▸ **DATA EXTRACT**
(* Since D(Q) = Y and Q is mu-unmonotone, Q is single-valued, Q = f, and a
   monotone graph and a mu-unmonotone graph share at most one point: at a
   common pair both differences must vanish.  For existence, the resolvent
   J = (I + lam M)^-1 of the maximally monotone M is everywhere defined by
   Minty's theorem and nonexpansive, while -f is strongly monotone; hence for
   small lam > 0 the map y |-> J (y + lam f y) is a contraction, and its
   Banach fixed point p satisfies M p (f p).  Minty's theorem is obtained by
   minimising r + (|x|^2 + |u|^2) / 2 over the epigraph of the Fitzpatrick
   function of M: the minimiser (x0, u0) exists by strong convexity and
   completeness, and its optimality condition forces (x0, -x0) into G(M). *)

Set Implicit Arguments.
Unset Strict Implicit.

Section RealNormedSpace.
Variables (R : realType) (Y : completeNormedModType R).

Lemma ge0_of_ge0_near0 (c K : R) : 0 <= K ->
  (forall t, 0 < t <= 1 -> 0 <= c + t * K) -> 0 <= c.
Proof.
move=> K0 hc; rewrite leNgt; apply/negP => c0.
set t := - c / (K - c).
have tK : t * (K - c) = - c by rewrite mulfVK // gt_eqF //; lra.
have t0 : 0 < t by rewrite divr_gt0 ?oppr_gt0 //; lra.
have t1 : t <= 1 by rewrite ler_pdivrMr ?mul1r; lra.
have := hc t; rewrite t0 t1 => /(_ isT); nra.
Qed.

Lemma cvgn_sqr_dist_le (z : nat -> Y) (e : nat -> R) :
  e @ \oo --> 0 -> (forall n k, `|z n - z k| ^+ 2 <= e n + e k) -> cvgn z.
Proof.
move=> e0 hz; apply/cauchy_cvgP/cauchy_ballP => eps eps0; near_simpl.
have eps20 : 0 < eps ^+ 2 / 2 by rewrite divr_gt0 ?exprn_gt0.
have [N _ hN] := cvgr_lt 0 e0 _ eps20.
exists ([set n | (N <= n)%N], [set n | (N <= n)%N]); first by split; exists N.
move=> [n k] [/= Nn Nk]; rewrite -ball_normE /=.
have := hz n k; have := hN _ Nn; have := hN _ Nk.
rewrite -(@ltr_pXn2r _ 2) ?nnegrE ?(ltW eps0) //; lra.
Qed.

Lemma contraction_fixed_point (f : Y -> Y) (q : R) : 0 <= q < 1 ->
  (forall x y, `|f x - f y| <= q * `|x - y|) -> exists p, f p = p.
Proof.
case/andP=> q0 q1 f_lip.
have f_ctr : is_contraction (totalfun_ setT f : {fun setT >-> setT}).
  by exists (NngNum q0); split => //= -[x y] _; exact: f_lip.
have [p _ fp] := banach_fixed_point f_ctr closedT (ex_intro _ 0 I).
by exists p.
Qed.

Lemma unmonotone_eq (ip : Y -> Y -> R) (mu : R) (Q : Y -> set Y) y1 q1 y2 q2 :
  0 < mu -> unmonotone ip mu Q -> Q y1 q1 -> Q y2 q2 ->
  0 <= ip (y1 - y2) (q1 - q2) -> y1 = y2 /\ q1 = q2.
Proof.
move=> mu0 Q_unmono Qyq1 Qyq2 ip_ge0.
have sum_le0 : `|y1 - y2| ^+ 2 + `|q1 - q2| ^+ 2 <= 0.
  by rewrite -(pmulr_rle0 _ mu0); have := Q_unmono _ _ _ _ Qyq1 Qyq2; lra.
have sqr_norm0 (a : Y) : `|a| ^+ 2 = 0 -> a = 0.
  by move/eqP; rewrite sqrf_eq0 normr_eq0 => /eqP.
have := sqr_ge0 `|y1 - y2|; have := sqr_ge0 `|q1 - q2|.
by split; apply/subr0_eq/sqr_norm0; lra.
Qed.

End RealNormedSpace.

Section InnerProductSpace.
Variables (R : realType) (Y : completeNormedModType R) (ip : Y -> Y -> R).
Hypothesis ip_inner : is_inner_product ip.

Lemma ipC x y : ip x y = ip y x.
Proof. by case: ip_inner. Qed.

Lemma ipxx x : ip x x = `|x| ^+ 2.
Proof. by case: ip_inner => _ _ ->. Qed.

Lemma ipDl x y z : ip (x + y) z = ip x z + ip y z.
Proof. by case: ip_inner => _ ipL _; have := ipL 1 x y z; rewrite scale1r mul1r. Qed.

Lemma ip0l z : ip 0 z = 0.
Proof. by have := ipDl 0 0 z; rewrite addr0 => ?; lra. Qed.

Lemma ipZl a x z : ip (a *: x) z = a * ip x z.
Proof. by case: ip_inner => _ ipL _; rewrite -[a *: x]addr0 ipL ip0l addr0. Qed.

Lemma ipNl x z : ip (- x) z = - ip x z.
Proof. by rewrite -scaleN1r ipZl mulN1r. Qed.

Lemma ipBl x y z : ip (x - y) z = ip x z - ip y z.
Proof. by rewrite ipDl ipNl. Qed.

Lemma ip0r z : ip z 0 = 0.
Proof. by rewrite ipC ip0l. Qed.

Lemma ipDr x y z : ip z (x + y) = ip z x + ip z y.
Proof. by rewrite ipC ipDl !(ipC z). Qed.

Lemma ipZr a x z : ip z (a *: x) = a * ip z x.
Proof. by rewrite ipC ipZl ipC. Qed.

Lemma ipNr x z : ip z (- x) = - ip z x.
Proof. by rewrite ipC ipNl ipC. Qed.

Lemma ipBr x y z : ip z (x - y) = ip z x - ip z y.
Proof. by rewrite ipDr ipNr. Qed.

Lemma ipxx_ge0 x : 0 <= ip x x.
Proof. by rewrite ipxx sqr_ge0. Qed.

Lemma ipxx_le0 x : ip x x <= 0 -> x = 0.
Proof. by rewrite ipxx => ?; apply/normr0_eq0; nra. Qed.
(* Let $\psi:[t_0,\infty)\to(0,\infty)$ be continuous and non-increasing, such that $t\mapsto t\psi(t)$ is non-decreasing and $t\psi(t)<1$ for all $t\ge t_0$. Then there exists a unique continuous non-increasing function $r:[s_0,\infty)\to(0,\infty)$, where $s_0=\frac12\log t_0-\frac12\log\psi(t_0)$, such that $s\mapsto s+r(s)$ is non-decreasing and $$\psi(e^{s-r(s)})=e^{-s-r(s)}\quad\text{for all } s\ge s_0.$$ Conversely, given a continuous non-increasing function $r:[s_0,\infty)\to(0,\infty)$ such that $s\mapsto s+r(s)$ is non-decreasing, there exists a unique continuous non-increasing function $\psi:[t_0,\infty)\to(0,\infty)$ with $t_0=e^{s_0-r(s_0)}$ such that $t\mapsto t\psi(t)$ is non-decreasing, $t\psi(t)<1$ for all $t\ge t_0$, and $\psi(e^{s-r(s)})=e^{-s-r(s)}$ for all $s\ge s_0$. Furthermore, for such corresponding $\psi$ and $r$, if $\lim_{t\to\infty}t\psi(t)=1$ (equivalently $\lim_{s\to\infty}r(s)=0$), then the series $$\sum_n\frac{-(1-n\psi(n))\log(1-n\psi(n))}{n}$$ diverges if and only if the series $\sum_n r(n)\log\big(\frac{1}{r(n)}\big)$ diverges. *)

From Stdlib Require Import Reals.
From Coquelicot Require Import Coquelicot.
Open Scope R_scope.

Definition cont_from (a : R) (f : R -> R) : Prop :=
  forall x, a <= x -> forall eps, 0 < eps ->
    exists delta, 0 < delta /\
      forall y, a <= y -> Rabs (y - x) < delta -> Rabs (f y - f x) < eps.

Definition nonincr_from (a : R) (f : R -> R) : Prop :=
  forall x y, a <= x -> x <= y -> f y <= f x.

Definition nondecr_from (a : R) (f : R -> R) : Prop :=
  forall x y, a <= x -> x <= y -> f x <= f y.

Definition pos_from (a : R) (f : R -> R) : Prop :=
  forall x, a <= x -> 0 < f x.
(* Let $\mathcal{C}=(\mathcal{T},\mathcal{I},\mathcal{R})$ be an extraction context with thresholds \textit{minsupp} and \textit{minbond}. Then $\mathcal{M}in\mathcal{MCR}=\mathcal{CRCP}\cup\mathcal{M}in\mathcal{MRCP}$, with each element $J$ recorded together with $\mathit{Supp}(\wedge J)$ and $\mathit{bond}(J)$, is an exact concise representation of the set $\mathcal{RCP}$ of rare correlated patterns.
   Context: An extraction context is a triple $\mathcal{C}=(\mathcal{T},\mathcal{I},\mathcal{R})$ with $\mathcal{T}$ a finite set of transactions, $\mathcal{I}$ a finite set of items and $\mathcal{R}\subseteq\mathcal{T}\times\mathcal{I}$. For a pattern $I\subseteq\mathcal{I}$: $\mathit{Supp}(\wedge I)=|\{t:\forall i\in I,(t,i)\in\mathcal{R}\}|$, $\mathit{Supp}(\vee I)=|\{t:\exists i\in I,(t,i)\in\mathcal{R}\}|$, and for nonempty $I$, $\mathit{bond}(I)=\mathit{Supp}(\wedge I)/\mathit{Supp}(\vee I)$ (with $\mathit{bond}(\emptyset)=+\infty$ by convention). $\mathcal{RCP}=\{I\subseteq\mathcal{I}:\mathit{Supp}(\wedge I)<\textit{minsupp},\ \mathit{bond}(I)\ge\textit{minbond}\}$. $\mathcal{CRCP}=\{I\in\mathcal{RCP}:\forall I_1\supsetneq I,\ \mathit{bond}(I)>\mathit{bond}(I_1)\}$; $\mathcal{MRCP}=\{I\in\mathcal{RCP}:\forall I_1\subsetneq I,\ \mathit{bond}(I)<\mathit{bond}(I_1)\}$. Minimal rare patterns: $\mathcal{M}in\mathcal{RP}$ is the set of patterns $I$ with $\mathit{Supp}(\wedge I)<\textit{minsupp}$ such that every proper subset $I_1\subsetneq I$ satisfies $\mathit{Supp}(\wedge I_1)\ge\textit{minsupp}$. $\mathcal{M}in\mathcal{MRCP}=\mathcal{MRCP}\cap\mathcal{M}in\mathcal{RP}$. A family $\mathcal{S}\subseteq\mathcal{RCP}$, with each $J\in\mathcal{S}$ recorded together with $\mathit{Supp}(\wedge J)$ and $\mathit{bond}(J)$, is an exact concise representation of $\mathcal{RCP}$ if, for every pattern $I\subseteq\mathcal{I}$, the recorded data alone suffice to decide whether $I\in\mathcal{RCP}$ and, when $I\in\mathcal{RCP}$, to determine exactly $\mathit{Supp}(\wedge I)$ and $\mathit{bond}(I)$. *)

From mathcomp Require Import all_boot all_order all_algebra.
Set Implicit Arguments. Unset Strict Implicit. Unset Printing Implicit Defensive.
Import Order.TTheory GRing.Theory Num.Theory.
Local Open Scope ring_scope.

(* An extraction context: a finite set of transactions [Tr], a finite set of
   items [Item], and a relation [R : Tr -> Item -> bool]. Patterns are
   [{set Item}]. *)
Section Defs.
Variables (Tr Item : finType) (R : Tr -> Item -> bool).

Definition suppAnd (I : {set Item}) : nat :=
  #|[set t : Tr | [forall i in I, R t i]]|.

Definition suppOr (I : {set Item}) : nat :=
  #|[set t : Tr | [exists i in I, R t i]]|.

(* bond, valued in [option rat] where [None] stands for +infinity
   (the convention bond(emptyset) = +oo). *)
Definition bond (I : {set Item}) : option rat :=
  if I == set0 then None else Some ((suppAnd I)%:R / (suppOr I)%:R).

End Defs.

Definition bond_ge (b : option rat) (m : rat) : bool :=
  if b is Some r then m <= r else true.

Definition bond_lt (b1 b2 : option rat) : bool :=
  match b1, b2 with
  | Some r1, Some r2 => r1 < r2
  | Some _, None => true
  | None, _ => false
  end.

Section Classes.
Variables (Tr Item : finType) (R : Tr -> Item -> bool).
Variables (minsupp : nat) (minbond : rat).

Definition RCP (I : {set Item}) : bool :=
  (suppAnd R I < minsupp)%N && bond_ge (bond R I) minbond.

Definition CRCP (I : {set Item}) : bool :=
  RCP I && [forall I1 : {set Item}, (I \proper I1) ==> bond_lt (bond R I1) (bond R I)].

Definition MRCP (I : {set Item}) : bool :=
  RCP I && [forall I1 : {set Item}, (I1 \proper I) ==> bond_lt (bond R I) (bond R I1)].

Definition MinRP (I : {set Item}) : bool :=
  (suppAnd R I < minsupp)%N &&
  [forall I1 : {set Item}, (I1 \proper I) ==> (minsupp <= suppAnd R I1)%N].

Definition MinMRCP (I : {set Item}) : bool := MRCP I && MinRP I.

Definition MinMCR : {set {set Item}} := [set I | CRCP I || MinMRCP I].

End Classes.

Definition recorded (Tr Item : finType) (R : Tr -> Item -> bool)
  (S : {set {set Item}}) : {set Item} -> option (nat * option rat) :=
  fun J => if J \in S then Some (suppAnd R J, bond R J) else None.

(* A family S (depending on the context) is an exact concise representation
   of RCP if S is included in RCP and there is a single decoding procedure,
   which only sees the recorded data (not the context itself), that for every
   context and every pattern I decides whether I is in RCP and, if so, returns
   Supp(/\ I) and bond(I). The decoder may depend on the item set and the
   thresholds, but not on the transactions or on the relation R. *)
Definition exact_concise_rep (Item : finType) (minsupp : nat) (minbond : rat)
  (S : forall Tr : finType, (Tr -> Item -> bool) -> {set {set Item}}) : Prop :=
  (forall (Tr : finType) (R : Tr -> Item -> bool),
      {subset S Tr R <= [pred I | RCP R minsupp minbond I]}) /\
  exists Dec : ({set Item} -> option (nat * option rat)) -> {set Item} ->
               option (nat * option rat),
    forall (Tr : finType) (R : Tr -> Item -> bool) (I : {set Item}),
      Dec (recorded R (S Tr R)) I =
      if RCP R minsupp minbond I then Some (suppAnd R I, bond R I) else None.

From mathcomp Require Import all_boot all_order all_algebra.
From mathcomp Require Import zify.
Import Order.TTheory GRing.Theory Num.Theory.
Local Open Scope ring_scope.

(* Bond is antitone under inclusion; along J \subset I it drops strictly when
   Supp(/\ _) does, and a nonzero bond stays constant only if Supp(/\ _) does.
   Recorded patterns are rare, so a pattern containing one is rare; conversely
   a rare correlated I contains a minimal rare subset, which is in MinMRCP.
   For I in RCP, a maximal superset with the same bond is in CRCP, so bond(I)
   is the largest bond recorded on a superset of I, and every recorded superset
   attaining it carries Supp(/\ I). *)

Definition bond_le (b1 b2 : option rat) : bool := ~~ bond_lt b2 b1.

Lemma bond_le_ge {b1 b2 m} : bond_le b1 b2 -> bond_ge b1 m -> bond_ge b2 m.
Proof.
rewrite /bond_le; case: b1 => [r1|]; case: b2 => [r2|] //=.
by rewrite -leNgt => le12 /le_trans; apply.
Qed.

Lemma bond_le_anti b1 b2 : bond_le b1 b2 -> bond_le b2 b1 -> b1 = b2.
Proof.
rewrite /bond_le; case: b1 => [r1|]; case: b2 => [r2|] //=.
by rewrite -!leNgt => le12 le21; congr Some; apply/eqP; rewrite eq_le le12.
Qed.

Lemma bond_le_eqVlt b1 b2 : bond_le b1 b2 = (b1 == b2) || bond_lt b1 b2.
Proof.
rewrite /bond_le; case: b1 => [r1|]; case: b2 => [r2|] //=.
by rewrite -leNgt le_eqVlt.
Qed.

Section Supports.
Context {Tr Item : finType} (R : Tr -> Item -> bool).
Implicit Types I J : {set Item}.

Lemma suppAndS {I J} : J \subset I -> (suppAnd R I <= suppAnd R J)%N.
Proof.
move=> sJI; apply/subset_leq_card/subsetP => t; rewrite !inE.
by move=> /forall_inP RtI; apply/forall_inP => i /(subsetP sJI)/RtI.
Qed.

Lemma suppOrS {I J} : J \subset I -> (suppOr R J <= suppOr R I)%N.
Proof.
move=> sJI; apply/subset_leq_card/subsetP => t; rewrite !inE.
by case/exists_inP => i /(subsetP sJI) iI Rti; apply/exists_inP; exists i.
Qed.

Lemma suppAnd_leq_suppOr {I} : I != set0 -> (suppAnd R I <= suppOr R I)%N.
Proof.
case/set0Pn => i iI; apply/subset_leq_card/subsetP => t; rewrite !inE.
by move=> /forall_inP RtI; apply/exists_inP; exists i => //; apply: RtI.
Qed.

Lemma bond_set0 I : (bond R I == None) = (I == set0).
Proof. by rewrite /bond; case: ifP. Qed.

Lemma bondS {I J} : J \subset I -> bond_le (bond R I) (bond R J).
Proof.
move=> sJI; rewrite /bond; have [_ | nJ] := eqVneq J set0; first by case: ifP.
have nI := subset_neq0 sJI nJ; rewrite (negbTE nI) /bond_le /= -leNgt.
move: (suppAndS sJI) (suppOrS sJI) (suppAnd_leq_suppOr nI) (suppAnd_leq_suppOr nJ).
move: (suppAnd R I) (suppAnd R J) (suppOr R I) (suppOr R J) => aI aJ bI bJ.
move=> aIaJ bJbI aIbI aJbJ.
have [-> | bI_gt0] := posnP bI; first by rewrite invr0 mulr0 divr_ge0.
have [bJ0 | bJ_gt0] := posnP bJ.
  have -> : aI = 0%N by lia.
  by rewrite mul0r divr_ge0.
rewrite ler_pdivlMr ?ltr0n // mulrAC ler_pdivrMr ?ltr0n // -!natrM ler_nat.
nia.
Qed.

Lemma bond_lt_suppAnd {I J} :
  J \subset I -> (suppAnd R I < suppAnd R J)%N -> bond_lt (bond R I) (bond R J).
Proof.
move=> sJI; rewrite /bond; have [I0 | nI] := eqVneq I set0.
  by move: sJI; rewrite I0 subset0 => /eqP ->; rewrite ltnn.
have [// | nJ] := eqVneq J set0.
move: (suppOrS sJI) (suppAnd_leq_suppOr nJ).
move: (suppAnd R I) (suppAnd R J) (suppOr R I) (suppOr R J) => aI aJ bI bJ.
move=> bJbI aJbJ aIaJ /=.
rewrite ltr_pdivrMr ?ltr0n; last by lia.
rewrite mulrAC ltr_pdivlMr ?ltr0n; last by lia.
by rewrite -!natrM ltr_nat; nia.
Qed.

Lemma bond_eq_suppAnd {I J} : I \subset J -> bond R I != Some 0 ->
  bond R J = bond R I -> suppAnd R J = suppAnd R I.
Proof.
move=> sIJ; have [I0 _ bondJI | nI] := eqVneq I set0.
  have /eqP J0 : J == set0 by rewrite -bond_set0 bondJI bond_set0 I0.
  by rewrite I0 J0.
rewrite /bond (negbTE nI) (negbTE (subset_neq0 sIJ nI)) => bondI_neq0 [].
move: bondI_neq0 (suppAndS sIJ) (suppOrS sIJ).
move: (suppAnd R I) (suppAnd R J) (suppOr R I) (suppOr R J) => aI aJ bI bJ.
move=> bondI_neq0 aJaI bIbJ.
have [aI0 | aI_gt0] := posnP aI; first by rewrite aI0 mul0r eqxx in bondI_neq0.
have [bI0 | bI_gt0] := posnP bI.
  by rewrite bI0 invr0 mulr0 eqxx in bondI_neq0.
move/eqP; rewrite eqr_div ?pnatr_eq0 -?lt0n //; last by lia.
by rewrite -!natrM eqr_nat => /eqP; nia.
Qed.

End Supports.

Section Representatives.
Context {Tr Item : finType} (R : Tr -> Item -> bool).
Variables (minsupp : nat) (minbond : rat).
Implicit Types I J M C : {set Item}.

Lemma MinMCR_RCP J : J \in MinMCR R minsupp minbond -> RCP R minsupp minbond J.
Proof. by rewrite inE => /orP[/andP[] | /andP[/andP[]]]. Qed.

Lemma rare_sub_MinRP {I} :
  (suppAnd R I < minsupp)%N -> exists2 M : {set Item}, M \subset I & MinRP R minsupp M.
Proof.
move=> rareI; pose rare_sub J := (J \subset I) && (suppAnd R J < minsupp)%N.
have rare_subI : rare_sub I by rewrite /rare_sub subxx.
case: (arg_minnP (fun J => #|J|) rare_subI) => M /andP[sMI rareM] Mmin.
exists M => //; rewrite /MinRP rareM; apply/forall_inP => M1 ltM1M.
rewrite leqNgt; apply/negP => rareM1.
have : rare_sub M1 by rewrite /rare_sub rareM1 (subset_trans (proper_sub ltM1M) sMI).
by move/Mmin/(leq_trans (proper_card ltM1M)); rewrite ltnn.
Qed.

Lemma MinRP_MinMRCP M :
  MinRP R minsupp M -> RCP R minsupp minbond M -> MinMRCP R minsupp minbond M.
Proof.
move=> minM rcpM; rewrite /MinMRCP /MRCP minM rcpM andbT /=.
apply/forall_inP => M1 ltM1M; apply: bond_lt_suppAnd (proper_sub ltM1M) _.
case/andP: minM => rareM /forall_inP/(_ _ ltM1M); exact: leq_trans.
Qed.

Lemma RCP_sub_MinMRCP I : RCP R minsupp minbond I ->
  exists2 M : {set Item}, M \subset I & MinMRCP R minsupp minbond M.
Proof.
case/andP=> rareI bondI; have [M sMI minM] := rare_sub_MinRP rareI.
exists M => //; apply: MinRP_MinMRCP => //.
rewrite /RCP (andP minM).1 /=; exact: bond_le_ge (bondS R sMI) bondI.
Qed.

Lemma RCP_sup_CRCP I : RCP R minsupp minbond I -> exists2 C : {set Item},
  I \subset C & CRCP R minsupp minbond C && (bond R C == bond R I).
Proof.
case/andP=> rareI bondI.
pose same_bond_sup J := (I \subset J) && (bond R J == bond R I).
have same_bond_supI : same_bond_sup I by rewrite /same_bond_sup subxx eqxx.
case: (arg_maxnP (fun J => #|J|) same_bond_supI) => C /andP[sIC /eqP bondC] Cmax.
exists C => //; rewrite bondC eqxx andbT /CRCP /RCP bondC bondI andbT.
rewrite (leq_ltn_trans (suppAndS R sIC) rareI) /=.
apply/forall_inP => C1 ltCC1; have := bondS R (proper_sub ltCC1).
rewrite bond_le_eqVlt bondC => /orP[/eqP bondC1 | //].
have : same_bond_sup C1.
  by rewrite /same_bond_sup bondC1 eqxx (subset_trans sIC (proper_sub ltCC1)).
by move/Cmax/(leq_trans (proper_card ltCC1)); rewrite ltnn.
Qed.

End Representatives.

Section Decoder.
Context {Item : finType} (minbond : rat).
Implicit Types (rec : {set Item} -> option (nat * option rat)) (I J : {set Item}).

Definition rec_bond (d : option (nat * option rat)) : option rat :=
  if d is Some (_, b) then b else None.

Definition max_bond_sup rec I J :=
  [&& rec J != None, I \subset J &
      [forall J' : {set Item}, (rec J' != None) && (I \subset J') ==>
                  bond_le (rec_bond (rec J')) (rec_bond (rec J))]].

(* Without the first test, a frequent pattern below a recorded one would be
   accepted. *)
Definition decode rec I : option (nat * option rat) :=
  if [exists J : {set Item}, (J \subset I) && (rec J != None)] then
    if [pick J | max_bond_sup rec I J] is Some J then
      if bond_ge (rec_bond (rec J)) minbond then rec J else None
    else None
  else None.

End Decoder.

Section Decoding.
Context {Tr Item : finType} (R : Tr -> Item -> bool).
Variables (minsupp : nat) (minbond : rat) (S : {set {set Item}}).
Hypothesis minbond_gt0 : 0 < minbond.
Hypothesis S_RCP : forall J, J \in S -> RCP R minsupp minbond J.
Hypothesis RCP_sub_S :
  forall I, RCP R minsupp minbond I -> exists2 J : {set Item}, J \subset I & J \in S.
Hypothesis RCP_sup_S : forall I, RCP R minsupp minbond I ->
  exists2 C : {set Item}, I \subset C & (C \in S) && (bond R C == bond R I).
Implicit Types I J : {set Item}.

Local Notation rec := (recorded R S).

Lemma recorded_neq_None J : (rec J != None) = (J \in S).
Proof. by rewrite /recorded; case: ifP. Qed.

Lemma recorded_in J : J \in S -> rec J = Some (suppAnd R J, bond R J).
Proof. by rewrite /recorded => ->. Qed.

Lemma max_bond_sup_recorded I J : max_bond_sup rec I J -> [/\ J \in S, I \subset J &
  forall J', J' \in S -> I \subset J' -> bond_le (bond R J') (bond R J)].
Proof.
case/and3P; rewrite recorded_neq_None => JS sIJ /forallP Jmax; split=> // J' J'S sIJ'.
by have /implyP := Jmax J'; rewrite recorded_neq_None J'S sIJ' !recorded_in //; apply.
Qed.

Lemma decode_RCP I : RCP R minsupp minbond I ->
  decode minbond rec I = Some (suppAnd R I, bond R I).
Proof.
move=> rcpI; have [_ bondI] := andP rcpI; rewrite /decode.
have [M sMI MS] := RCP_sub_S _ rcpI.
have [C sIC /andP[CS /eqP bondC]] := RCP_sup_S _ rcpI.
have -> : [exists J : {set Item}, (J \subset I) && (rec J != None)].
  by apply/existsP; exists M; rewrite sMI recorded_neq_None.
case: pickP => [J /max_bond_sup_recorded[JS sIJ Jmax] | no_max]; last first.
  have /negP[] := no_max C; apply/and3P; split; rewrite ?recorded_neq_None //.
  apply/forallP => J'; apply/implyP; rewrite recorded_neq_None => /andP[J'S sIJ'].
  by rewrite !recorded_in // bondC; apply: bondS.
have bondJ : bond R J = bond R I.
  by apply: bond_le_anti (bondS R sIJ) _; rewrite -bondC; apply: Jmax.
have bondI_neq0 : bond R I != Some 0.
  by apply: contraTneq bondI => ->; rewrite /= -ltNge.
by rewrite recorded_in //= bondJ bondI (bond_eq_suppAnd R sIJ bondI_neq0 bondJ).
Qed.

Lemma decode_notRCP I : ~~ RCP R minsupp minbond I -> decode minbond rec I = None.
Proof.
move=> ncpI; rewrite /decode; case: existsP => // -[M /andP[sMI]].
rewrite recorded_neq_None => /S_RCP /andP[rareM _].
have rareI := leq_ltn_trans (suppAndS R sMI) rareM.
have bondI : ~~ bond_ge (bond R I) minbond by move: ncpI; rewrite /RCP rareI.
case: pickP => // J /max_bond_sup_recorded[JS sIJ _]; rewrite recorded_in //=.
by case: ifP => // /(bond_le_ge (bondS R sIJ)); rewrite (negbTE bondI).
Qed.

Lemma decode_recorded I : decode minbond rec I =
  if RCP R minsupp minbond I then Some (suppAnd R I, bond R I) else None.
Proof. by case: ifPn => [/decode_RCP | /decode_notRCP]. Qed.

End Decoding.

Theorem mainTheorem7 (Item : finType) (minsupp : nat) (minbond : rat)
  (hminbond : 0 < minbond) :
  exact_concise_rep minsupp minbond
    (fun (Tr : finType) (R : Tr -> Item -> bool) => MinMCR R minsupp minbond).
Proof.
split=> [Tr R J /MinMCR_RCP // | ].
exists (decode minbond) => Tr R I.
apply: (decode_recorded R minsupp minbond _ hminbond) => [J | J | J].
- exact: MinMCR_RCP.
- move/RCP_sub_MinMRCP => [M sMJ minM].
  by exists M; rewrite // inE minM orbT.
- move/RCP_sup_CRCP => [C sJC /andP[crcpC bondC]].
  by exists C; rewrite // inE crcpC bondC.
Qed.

▸ **ACTIVITY**
Look above for the line with "have [bJ0 | bJ_gt0] := posnP bJ." and the line with "by rewrite -!natrM ltr_nat; nia."; transcribe both and all lines in between, exactly, and nothing else.

▸ **PROBLEM SOLUTION**
have [bJ0 | bJ_gt0] := posnP bJ.
  have -> : aI = 0%N by lia.
  by rewrite mul0r divr_ge0.
rewrite ler_pdivlMr ?ltr0n // mulrAC ler_pdivrMr ?ltr0n // -!natrM ler_nat.
nia.
Qed.

Lemma bond_lt_suppAnd {I J} :
  J \subset I -> (suppAnd R I < suppAnd R J)%N -> bond_lt (bond R I) (bond R J).
Proof.
move=> sJI; rewrite /bond; have [I0 | nI] := eqVneq I set0.
  by move: sJI; rewrite I0 subset0 => /eqP ->; rewrite ltnn.
have [// | nJ] := eqVneq J set0.
move: (suppOrS sJI) (suppAnd_leq_suppOr nJ).
move: (suppAnd R I) (suppAnd R J) (suppOr R I) (suppOr R J) => aI aJ bI bJ.
move=> bJbI aJbJ aIaJ /=.
rewrite ltr_pdivrMr ?ltr0n; last by lia.
rewrite mulrAC ltr_pdivlMr ?ltr0n; last by lia.
by rewrite -!natrM ltr_nat; nia.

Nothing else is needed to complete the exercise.